▸ Task
Could you restate word for word every line of the records below, from the first one to the one holding "where r_w(k) = (w/z)^k"?
Data section Start Marker
(* Let $n\in\mathbb{N}$, $x,y\in(0,1)$ with $x\ne y$, $z=\tfrac{x+y}{2}$, and for $k=0,1,\dots,2n$ put \[ d_k=\tfrac12\Bigl[\tbinom{2n}{k}x^k(1-x)^{2n-k}+\tbinom{2n}{k}y^k(1-y)^{2n-k}\Bigr]-\tbinom{2n}{k}z^k(1-z)^{2n-k}. \] Then there exist real numbers $0<t_1<t_2<2n$ such that $d_k>0$ for integers $0\le k<t_1$, $d_k<0$ for integers $t_1<k<t_2$, and $d_k>0$ for integers $t_2<k\le 2n$ (with at least one integer $k$ satisfying $d_k<0$). *)

From Stdlib Require Import Reals Lra.
Open Scope R_scope.

Definition bin_pmf (m k : nat) (p : R) : R :=
  C m k * p ^ k * (1 - p) ^ (m - k).

Definition dk (n : nat) (x y : R) (k : nat) : R :=
  / 2 * (bin_pmf (2 * n) k x + bin_pmf (2 * n) k y)
  - bin_pmf (2 * n) k ((x + y) / 2).

(* Dividing d_k by the positive binomial weight b_k(z) leaves (r_x(k) + r_y(k))/2 - 1,
   where r_w(k) = (w/z)^k ((1-w)/(1-z))^(2n-k) is a geometric sequence with ratio
   different from 1, hence strictly convex in k.  At both ends this is positive, since
   a^m + b^m > 2 when a + b = 2, a <> b and m >= 2; and the d_k sum to 0, so some d_k is
   negative.  A strictly convex sequence is negative strictly between any two indices where
   it is nonpositive, and this property survives multiplication by positive weights; it
   forces the sign pattern + - + on the d_k. *)

From Stdlib Require Import Reals Lra Lia Wf_nat.
Open Scope R_scope.

Definition strictly_convex (h : nat -> R) (m : nat) : Prop :=
  forall k, (S (S k) <= m)%nat -> 2 * h (S k) < h k + h (S (S k)).

Definition negative_between (h : nat -> R) (m : nat) : Prop :=
  forall i j k, (i < j)%nat -> (j < k)%nat -> (k <= m)%nat ->
  h i <= 0 -> h k <= 0 -> h j < 0.

Section StrictlyConvex.

Variables (h : nat -> R) (m : nat).
Hypothesis h_convex : strictly_convex h m.

Lemma strictly_convex_incr_step i j :
  (i < j)%nat -> (j < m)%nat -> h i <= h j -> h j < h (S j).
Proof.
  induction j as [|j IH]; intros Hij Hjm Hh; [lia|].
  pose proof (h_convex j Hjm).
  destruct (Rle_dec (h j) (h (S j))) as [Hle|Hgt]; [lra|].
  assert (Hij' : (i < j)%nat) by (destruct (Nat.eq_dec i j); [subst; lra | lia]).
  pose proof (IH Hij' ltac:(lia) ltac:(lra)); lra.
Qed.

Lemma strictly_convex_incr i j k :
  (i < j)%nat -> (j < k)%nat -> (k <= m)%nat -> h i <= h j -> h j < h k.
Proof.
  intros Hij Hjk Hkm Hh; induction k as [|k IH]; [lia|].
  destruct (Nat.eq_dec j k) as [<-|Hjk'].
  - exact (strictly_convex_incr_step i j Hij ltac:(lia) Hh).
  - pose proof (IH ltac:(lia) ltac:(lia)).
    pose proof (strictly_convex_incr_step j k ltac:(lia) ltac:(lia) ltac:(lra)); lra.
Qed.

Lemma strictly_convex_negative_between : negative_between h m.
Proof.
  intros i j k Hij Hjk Hkm Hi Hk.
  destruct (Rlt_dec (h j) 0) as [|Hj]; [assumption|].
  pose proof (strictly_convex_incr i j k Hij Hjk Hkm ltac:(lra)); lra.
Qed.

End StrictlyConvex.

Lemma strictly_convex_geom (p q : R) (m : nat) :
  0 < p -> 0 < q -> p <> q -> strictly_convex (fun k => p ^ k * q ^ (m - k)) m.
Proof.
  intros Hp Hq Hpq k Hk.
  replace (m - k)%nat with (m - S (S k) + 2)%nat by lia.
  replace (m - S k)%nat with (m - S (S k) + 1)%nat by lia.
  set (j := (m - S (S k))%nat).
  assert (Hsq : 0 < (p - q) ^ 2) by (destruct (Rtotal_order p q) as [|[|]]; nra).
  assert (Hpos : 0 < p ^ k * q ^ j * (p - q) ^ 2)
    by (apply Rmult_lt_0_compat; [apply Rmult_lt_0_compat; apply pow_lt |]; assumption).
  assert (p ^ k * q ^ (j + 2) + p ^ S (S k) * q ^ j - 2 * (p ^ S k * q ^ (j + 1))
          = p ^ k * q ^ j * (p - q) ^ 2) by (rewrite !pow_add; simpl; ring).
  lra.
Qed.

Lemma strictly_convex_mean (f g : nat -> R) (m : nat) :
  strictly_convex f m -> strictly_convex g m ->
  strictly_convex (fun k => (f k + g k) / 2 - 1) m.
Proof. intros Hf Hg k Hk; pose proof (Hf k Hk); pose proof (Hg k Hk); lra. Qed.

Lemma negative_between_closed (h : nat -> R) (m i j k : nat) :
  negative_between h m -> (i <= j)%nat -> (j <= k)%nat -> (k <= m)%nat ->
  h i < 0 -> h k < 0 -> h j < 0.
Proof.
  intros Hh Hij Hjk Hkm Hi Hk.
  destruct (Nat.eq_dec i j) as [<-|]; [assumption|].
  destruct (Nat.eq_dec j k) as [->|]; [assumption|].
  apply (Hh i j k); lia || lra.
Qed.

Lemma negative_between_rev (h : nat -> R) (m : nat) :
  negative_between h m -> negative_between (fun k => h (m - k)%nat) m.
Proof.
  intros Hh i j k Hij Hjk Hkm Hi Hk.
  apply (Hh (m - k)%nat _ (m - i)%nat); lia || assumption.
Qed.

Lemma negative_between_mul (w h : nat -> R) (m : nat) :
  (forall k, (k <= m)%nat -> 0 < w k) -> negative_between h m ->
  negative_between (fun k => w k * h k) m.
Proof.
  intros Hw Hh i j k Hij Hjk Hkm Hi Hk.
  pose proof (Hw i ltac:(lia)); pose proof (Hw j ltac:(lia)); pose proof (Hw k ltac:(lia)).
  assert (h i <= 0) by nra; assert (h k <= 0) by nra.
  pose proof (Hh i j k Hij Hjk Hkm ltac:(assumption) ltac:(assumption)); nra.
Qed.

Lemma negative_between_first_cut (h : nat -> R) (m j : nat) :
  negative_between h m -> 0 < h 0%nat -> (j <= m)%nat -> h j < 0 ->
  exists a t, (a <= j)%nat /\ h a < 0 /\ INR a - 1 <= t < INR a /\ 0 < t /\
    (forall k, INR k < t -> 0 < h k).
Proof.
  intros Hh H0 Hjm Hj.
  destruct (dec_inh_nat_subset_has_unique_least_element (fun k => h k < 0))
    as [a [[Ha Hmin] _]].
  { intros k; destruct (Rlt_dec (h k) 0); auto. }
  { exists j; exact Hj. }
  assert (Haj : (a <= j)%nat) by exact (Hmin j Hj).
  assert (Hnonneg : forall k, (k < a)%nat -> 0 <= h k).
  { intros k Hk; destruct (Rle_dec 0 (h k)) as [|Hk']; [assumption|].
    pose proof (Hmin k ltac:(lra)); lia. }
  destruct a as [|a]; [lra|].
  assert (Hpos : forall k, (k < a)%nat -> 0 < h k).
  { intros k Hk; destruct (Rlt_dec 0 (h k)) as [|Hk']; [assumption|].
    pose proof (Hnonneg a ltac:(lia)).
    pose proof (Hh k a (S a) Hk ltac:(lia) ltac:(lia) ltac:(lra) ltac:(lra)); lra. }
  pose proof (pos_INR a).
  destruct (Rlt_dec 0 (h a)) as [Ha0|Ha0].
  - exists (S a), (INR a + / 2); rewrite S_INR; repeat split; try lra; try assumption.
    intros k Hk.
    assert (Hka : (k < S a)%nat) by (apply INR_lt; rewrite S_INR; lra).
    destruct (Nat.eq_dec k a) as [->|]; [assumption | apply Hpos; lia].
  - (* h a = 0 forces the cut to be exactly at a *)
    destruct a as [|a]; [lra|].
    assert (0 < INR (S a)) by apply lt_0_INR, Nat.lt_0_succ.
    exists (S (S a)), (INR (S a)); rewrite (S_INR (S a)).
    repeat split; try lra; try assumption.
    intros k Hk; apply Hpos, INR_lt, Hk.
Qed.

Lemma negative_between_sign_pattern (h : nat -> R) (m j : nat) :
  negative_between h m -> 0 < h 0%nat -> 0 < h m -> (j <= m)%nat -> h j < 0 ->
  exists t1 t2, 0 < t1 /\ t1 < t2 /\ t2 < INR m /\
    (forall k, INR k < t1 -> h k > 0) /\
    (forall k, t1 < INR k < t2 -> h k < 0) /\
    (forall k, t2 < INR k -> (k <= m)%nat -> h k > 0) /\
    (exists k, t1 < INR k < t2).
Proof.
  intros Hh H0 Hm Hjm Hj.
  destruct (negative_between_first_cut h m j Hh H0 Hjm Hj)
    as (a & t1 & Haj & Ha & Ht1 & Ht1pos & Hleft).
  destruct (negative_between_first_cut (fun k => h (m - k)%nat) m (m - j))
    as (a' & t & Ha'j & Hb & Ht & Htpos & Hright).
  - apply negative_between_rev, Hh.
  - rewrite Nat.sub_0_r; exact Hm.
  - lia.
  - replace (m - (m - j))%nat with j by lia; exact Hj.
  - cbn beta in Hb, Hright.
    assert (Hab : INR a <= INR (m - a')) by (apply le_INR; lia).
    rewrite minus_INR in Hab by lia.
    exists t1, (INR m - t); repeat split; try lra.
    + exact Hleft.
    + intros k [Hk1 Hk2].
      apply (negative_between_closed h m a k (m - a')); try assumption; try lia.
      * apply Nat.lt_succ_r, INR_lt; rewrite S_INR; lra.
      * apply Nat.lt_succ_r, INR_lt; rewrite S_INR, minus_INR by lia; lra.
    + intros k Hk Hkm.
      specialize (Hright (m - k)%nat); rewrite minus_INR in Hright by exact Hkm.
      replace (m - (m - k))%nat with k in Hright by lia.
      apply Hright; lra.
    + exists a; split; lra.
Qed.

Lemma pow_add_gt2 (a b : R) (m : nat) :
  0 < a -> 0 < b -> a + b = 2 -> a <> b -> (2 <= m)%nat -> 2 < a ^ m + b ^ m.
Proof.
  intros Ha Hb Hab Hne Hm; induction Hm as [|m Hm IH].
  - assert (0 < (a - b) ^ 2) by (destruct (Rtotal_order a b) as [|[|]]; nra).
    simpl; nra.
  - (* a^(m+1) + b^(m+1) - (a^m + b^m) = (a - b) (a^m - b^m) / 2 >= 0 *)
    assert (0 <= (a - b) * (a ^ m - b ^ m)).
    { destruct (Rle_dec a b).
      - pose proof (pow_incr a b m ltac:(lra)); nra.
      - pose proof (pow_incr b a m ltac:(lra)); nra. }
    simpl; nra.
Qed.

Lemma exists_neg_term (f : nat -> R) (N : nat) :
  sum_f_R0 f N <= 0 -> 0 < f 0%nat -> exists j, (j <= N)%nat /\ f j < 0.
Proof.
  intros Hsum H0; induction N as [|N IH]; simpl in Hsum; [lra|].
  destruct (Rlt_dec (f (S N)) 0) as [Hneg|Hnneg].
  - exists (S N); split; [lia | exact Hneg].
  - destruct (IH ltac:(lra)) as (j & Hj & Hfj); exists j; split; [lia | exact Hfj].
Qed.

Lemma pow_ratio_mean_gt1 (u v c : R) (m : nat) :
  0 < u -> 0 < v -> u + v = 2 * c -> u <> v -> (2 <= m)%nat ->
  1 < ((u / c) ^ m + (v / c) ^ m) / 2.
Proof.
  intros Hu Hv Hc Huv Hm.
  assert (Hc0 : 0 < c) by lra.
  enough (2 < (u / c) ^ m + (v / c) ^ m) by lra.
  apply pow_add_gt2; try assumption; try (apply Rdiv_lt_0_compat; assumption).
  - replace (u / c + v / c) with ((u + v) / c) by (field; lra).
    rewrite Hc; field; lra.
  - intros E; apply Huv; unfold Rdiv in E.
    apply Rmult_eq_reg_r in E; [exact E | apply Rinv_neq_0_compat; lra].
Qed.

Lemma bin_pmf_pos (m k : nat) (p : R) : 0 < p < 1 -> 0 < bin_pmf m k p.
Proof.
  intros Hp; unfold bin_pmf, C.
  apply Rmult_lt_0_compat; [apply Rmult_lt_0_compat|]; try (apply pow_lt; lra).
  apply Rdiv_lt_0_compat; [|apply Rmult_lt_0_compat]; apply INR_fact_lt_0.
Qed.

Lemma bin_pmf_sum (m : nat) (p : R) : sum_f_R0 (fun k => bin_pmf m k p) m = 1.
Proof.
  unfold bin_pmf; rewrite <- binomial.
  replace (p + (1 - p)) with 1 by ring; apply pow1.
Qed.

Lemma dk_sum (n : nat) (x y : R) : sum_f_R0 (dk n x y) (2 * n) = 0.
Proof.
  unfold dk; rewrite minus_sum.
  erewrite sum_eq by (intros; apply Rmult_comm).
  rewrite <- scal_sum, plus_sum, !bin_pmf_sum; field.
Qed.

Definition bin_ratio (m k : nat) (w z : R) : R :=
  (w / z) ^ k * ((1 - w) / (1 - z)) ^ (m - k).

Lemma bin_pmf_ratio (m k : nat) (w z : R) :
  0 < z < 1 -> bin_pmf m k w = bin_pmf m k z * bin_ratio m k w z.
Proof.
  intros Hz; unfold bin_pmf, bin_ratio, Rdiv.
  rewrite !Rpow_mult_distr, !pow_inv.
  field; split; apply pow_nonzero; lra.
Qed.

Lemma strictly_convex_bin_ratio (m : nat) (w z : R) :
  0 < w < 1 -> 0 < z < 1 -> w <> z -> strictly_convex (fun k => bin_ratio m k w z) m.
Proof.
  intros Hw Hz Hwz; apply strictly_convex_geom;
    try (apply Rdiv_lt_0_compat; lra).
  intros E; apply Hwz.
  assert (w = z * (w / z)) by (field; lra).
  assert (1 - w = (1 - z) * ((1 - w) / (1 - z))) by (field; lra).
  rewrite E in *; nra.
Qed.

Theorem mainTheorem4 (n : nat) (x y : R)
  (hn : (1 <= n)%nat)
  (hx : 0 < x < 1) (hy : 0 < y < 1) (hxy : x <> y) :
  exists t1 t2 : R,
    0 < t1 /\ t1 < t2 /\ t2 < INR (2 * n) /\
    (forall k : nat, INR k < t1 -> dk n x y k > 0) /\
    (forall k : nat, t1 < INR k < t2 -> dk n x y k < 0) /\
    (forall k : nat, t2 < INR k -> (k <= 2 * n)%nat -> dk n x y k > 0) /\
    (exists k : nat, t1 < INR k < t2).
Proof.
  set (m := (2 * n)%nat); set (z := (x + y) / 2).
  assert (Hz : 0 < z < 1) by (unfold z; lra).
  assert (Hm : (2 <= m)%nat) by (unfold m; lia).
  set (r := fun k => (bin_ratio m k x z + bin_ratio m k y z) / 2 - 1).
  assert (Hdk : forall k, dk n x y k = bin_pmf m k z * r k).
  { intros k; unfold dk, r; fold m z.
    rewrite (bin_pmf_ratio m k x z Hz), (bin_pmf_ratio m k y z Hz); field. }
  assert (Hbetween : negative_between (dk n x y) m).
  { intros i j k Hij Hjk Hkm; rewrite !Hdk.
    apply (negative_between_mul (fun k => bin_pmf m k z) r m); try assumption.
    - intros l _; apply bin_pmf_pos, Hz.
    - apply strictly_convex_negative_between, strictly_convex_mean;
        apply strictly_convex_bin_ratio; unfold z; lra. }
  assert (H0 : 0 < dk n x y 0%nat).
  { rewrite Hdk; apply Rmult_lt_0_compat; [apply bin_pmf_pos, Hz|].
    unfold r, bin_ratio; rewrite Nat.sub_0_r, !pow_O, !Rmult_1_l.
    assert (1 < (((1 - x) / (1 - z)) ^ m + ((1 - y) / (1 - z)) ^ m) / 2)
      by (apply pow_ratio_mean_gt1; unfold z; lra || assumption).
    lra. }
  assert (Hm0 : 0 < dk n x y m).
  { rewrite Hdk; apply Rmult_lt_0_compat; [apply bin_pmf_pos, Hz|].
    unfold r, bin_ratio; rewrite Nat.sub_diag, !pow_O, !Rmult_1_r.
    assert (1 < ((x / z) ^ m + (y / z) ^ m) / 2)
      by (apply pow_ratio_mean_gt1; unfold z; lra || assumption).
    lra. }
  destruct (exists_neg_term (dk n x y) m ltac:(rewrite dk_sum; lra) H0) as (j & Hj & Hdj).
  exact (negative_between_sign_pattern (dk n x y) m j Hbetween H0 Hm0 Hj Hdj).
Qed.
Data section End Marker
▸ Exercise answer
(* Let $n\in\mathbb{N}$, $x,y\in(0,1)$ with $x\ne y$, $z=\tfrac{x+y}{2}$, and for $k=0,1,\dots,2n$ put \[ d_k=\tfrac12\Bigl[\tbinom{2n}{k}x^k(1-x)^{2n-k}+\tbinom{2n}{k}y^k(1-y)^{2n-k}\Bigr]-\tbinom{2n}{k}z^k(1-z)^{2n-k}. \] Then there exist real numbers $0<t_1<t_2<2n$ such that $d_k>0$ for integers $0\le k<t_1$, $d_k<0$ for integers $t_1<k<t_2$, and $d_k>0$ for integers $t_2<k\le 2n$ (with at least one integer $k$ satisfying $d_k<0$). *)

From Stdlib Require Import Reals Lra.
Open Scope R_scope.

Definition bin_pmf (m k : nat) (p : R) : R :=
  C m k * p ^ k * (1 - p) ^ (m - k).

Definition dk (n : nat) (x y : R) (k : nat) : R :=
  / 2 * (bin_pmf (2 * n) k x + bin_pmf (2 * n) k y)
  - bin_pmf (2 * n) k ((x + y) / 2).

(* Dividing d_k by the positive binomial weight b_k(z) leaves (r_x(k) + r_y(k))/2 - 1,
   where r_w(k) = (w/z)^k ((1-w)/(1-z))^(2n-k) is a geometric sequence with ratio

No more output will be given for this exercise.